Collected data:
----------------------------------------

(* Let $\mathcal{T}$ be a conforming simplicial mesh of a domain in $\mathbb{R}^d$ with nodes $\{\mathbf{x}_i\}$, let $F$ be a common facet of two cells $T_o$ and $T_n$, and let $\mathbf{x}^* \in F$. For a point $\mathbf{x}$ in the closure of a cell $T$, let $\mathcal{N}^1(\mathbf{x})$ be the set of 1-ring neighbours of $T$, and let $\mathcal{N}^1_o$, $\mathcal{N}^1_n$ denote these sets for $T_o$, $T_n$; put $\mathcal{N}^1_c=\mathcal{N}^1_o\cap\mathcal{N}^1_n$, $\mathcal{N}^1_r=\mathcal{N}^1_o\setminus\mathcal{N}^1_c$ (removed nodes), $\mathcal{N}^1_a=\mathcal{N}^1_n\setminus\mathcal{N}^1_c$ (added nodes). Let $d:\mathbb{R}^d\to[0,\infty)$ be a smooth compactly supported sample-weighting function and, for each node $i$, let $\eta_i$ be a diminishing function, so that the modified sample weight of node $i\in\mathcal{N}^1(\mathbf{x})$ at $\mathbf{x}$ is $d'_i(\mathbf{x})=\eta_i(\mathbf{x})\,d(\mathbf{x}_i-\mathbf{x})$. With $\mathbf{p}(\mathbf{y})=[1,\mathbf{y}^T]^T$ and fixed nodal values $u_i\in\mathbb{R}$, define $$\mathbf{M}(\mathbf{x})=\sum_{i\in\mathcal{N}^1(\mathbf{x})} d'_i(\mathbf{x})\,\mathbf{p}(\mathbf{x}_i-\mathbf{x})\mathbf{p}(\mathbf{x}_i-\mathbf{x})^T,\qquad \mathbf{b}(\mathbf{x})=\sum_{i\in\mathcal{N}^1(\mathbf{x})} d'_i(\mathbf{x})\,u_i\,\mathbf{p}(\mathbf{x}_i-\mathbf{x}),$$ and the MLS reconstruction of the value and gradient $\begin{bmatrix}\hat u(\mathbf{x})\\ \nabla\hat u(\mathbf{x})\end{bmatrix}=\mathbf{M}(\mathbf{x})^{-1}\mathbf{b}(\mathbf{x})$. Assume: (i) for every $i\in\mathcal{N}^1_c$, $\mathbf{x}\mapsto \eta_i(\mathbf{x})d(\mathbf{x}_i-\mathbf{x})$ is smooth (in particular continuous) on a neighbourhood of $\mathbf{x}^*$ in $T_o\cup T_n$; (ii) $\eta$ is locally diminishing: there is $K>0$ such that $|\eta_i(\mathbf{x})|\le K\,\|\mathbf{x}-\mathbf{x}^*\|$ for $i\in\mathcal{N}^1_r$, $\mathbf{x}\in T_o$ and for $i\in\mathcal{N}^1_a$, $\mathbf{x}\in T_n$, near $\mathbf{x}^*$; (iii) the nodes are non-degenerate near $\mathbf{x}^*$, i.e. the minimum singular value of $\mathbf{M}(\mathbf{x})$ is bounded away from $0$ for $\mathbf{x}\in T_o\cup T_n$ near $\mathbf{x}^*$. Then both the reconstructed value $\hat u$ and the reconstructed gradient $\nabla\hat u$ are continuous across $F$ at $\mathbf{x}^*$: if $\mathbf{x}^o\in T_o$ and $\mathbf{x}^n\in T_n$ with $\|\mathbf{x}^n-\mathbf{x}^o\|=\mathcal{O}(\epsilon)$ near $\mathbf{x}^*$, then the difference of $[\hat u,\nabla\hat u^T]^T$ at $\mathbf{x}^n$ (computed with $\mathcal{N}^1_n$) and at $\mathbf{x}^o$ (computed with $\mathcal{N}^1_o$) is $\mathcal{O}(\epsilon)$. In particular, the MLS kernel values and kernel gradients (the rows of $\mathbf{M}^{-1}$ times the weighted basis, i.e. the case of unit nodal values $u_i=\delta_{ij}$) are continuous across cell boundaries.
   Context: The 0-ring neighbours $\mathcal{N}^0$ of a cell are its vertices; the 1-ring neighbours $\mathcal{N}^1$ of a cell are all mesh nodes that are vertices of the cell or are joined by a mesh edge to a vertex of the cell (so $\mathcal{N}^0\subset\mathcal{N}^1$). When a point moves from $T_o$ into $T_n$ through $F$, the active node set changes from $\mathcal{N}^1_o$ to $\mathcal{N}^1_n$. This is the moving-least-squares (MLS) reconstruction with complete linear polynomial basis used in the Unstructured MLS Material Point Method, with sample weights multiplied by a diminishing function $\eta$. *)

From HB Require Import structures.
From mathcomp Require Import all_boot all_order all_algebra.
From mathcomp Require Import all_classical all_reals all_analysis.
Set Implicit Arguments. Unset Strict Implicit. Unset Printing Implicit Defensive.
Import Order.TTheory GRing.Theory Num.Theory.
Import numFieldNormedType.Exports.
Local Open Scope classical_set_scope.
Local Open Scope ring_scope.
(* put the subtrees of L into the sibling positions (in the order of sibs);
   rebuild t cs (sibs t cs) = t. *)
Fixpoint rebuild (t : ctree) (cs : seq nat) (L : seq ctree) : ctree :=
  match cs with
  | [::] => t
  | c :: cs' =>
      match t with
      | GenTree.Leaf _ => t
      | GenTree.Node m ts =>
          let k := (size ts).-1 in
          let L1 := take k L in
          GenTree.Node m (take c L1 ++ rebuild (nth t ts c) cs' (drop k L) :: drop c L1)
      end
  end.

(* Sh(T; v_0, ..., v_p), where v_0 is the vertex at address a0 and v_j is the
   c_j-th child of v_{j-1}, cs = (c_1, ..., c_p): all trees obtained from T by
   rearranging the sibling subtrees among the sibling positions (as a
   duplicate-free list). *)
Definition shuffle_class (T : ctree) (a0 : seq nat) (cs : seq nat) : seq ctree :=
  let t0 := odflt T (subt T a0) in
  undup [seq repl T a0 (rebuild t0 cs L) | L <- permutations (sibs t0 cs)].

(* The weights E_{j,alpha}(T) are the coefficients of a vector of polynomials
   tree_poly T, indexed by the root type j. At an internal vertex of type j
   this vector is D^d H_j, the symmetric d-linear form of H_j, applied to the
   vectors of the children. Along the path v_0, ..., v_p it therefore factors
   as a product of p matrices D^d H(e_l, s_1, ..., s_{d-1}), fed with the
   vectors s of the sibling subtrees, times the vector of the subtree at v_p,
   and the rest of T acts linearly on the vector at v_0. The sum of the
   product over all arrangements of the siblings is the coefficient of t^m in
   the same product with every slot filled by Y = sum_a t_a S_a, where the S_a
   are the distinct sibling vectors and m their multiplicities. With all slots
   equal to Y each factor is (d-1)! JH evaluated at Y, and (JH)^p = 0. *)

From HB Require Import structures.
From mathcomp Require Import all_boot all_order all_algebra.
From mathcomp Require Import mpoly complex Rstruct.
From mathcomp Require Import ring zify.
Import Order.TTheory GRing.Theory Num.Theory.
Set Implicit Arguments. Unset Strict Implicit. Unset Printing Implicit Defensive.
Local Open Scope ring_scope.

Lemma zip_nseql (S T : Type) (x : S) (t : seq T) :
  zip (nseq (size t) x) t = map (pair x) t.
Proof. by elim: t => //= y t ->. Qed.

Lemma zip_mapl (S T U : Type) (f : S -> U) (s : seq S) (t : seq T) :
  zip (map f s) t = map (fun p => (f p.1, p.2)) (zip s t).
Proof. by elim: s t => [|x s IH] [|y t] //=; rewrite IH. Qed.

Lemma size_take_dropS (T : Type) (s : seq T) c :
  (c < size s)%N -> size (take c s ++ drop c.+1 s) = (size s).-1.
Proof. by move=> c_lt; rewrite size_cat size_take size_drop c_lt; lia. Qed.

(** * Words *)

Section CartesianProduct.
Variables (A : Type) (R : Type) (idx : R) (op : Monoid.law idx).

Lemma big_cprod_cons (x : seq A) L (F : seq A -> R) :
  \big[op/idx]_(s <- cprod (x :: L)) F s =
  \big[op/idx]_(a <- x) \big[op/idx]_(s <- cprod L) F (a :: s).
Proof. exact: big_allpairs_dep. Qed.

----------------------------------------

→ EXERCISE REQUIREMENTS
Please give an exact copy of the lines above, beginning with the line containing "product over all" and running through the line containing "are the distinct", and of no other lines.

→ RESPONSE AREA
   product over all arrangements of the siblings is the coefficient of t^m in
   the same product with every slot filled by Y = sum_a t_a S_a, where the S_a
   are the distinct sibling vectors and m their multiplicities. With all slots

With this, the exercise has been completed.